Below are the records; copy each line in them that holds the word "iota".
** Opening Supplied data block **
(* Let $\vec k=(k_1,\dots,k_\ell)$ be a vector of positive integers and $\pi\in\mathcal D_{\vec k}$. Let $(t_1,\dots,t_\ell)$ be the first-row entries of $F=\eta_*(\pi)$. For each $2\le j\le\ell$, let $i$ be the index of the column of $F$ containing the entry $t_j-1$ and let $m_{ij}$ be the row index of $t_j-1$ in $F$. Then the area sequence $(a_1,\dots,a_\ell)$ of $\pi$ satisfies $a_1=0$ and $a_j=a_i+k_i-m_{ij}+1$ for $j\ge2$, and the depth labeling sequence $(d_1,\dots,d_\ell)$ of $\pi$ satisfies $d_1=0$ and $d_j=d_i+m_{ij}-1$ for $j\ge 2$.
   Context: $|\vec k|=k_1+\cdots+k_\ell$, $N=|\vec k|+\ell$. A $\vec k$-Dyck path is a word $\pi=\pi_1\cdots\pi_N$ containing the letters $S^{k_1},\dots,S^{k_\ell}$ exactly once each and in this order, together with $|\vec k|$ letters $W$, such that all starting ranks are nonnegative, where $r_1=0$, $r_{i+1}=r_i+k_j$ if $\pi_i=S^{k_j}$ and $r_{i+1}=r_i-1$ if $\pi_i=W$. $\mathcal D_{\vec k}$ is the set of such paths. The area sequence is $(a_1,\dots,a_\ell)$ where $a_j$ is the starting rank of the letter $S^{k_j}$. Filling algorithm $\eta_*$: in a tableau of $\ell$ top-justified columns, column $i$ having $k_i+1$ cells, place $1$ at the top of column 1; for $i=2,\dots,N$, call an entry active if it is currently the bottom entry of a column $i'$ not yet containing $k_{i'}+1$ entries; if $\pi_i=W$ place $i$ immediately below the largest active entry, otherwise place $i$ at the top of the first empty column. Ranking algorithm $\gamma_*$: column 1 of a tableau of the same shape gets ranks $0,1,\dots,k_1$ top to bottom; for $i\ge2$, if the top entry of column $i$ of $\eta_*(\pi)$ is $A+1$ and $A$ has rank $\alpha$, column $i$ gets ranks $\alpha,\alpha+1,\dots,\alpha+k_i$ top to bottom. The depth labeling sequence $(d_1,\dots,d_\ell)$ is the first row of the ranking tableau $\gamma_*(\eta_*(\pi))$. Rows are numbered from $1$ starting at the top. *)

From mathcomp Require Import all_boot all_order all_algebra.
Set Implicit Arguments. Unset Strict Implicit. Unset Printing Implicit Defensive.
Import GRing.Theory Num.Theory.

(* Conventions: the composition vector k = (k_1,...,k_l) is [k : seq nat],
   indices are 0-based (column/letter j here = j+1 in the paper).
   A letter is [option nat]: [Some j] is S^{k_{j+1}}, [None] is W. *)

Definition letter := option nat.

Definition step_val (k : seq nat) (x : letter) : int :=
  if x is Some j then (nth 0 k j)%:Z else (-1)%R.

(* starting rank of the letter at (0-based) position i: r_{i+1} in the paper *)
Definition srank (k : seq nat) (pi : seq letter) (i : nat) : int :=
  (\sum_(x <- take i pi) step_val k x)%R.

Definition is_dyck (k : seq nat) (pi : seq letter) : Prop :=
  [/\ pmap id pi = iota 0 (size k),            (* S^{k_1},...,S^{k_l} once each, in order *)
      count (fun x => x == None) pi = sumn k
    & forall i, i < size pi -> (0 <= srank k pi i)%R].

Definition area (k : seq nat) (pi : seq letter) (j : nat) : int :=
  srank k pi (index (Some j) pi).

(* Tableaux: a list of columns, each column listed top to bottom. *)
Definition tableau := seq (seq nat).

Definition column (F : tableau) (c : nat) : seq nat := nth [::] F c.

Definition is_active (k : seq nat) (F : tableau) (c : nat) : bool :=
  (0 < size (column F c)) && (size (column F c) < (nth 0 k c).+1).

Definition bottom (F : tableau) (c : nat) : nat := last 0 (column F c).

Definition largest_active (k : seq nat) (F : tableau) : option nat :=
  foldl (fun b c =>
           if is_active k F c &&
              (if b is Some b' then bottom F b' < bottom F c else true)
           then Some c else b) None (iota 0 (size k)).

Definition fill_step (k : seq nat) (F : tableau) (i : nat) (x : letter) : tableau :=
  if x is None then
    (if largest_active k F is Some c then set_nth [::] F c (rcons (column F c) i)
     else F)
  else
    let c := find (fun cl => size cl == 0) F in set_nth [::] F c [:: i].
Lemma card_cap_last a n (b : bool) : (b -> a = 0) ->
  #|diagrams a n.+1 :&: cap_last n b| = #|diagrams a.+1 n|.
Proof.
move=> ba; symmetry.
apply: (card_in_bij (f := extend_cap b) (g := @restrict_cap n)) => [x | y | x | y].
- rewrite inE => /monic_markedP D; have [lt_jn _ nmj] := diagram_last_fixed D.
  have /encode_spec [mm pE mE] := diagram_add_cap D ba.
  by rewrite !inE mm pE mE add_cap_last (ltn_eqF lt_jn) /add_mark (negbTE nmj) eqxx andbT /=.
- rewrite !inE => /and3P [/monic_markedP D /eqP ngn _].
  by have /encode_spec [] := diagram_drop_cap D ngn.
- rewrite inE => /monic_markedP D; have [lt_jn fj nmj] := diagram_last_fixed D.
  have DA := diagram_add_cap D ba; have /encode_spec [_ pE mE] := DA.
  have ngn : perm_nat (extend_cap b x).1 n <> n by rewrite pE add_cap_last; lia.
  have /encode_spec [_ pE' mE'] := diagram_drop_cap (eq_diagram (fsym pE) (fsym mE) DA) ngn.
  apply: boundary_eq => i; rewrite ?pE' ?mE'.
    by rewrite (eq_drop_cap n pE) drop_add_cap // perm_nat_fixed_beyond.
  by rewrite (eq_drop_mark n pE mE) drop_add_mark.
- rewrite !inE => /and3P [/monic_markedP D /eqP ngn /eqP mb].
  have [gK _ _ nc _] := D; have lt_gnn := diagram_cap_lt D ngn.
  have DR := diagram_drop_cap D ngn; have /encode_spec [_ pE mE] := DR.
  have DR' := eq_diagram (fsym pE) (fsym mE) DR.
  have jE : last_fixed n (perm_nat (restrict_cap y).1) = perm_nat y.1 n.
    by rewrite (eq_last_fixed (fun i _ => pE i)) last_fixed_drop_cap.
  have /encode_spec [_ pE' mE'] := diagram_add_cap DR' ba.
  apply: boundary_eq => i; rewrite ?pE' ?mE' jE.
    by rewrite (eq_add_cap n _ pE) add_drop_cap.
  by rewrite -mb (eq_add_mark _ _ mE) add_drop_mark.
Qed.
** Closing Supplied data block **
- Answer to this exercise -
  [/\ pmap id pi = iota 0 (size k),            (* S^{k_1},...,S^{k_l} once each, in order *)
           then Some c else b) None (iota 0 (size k)).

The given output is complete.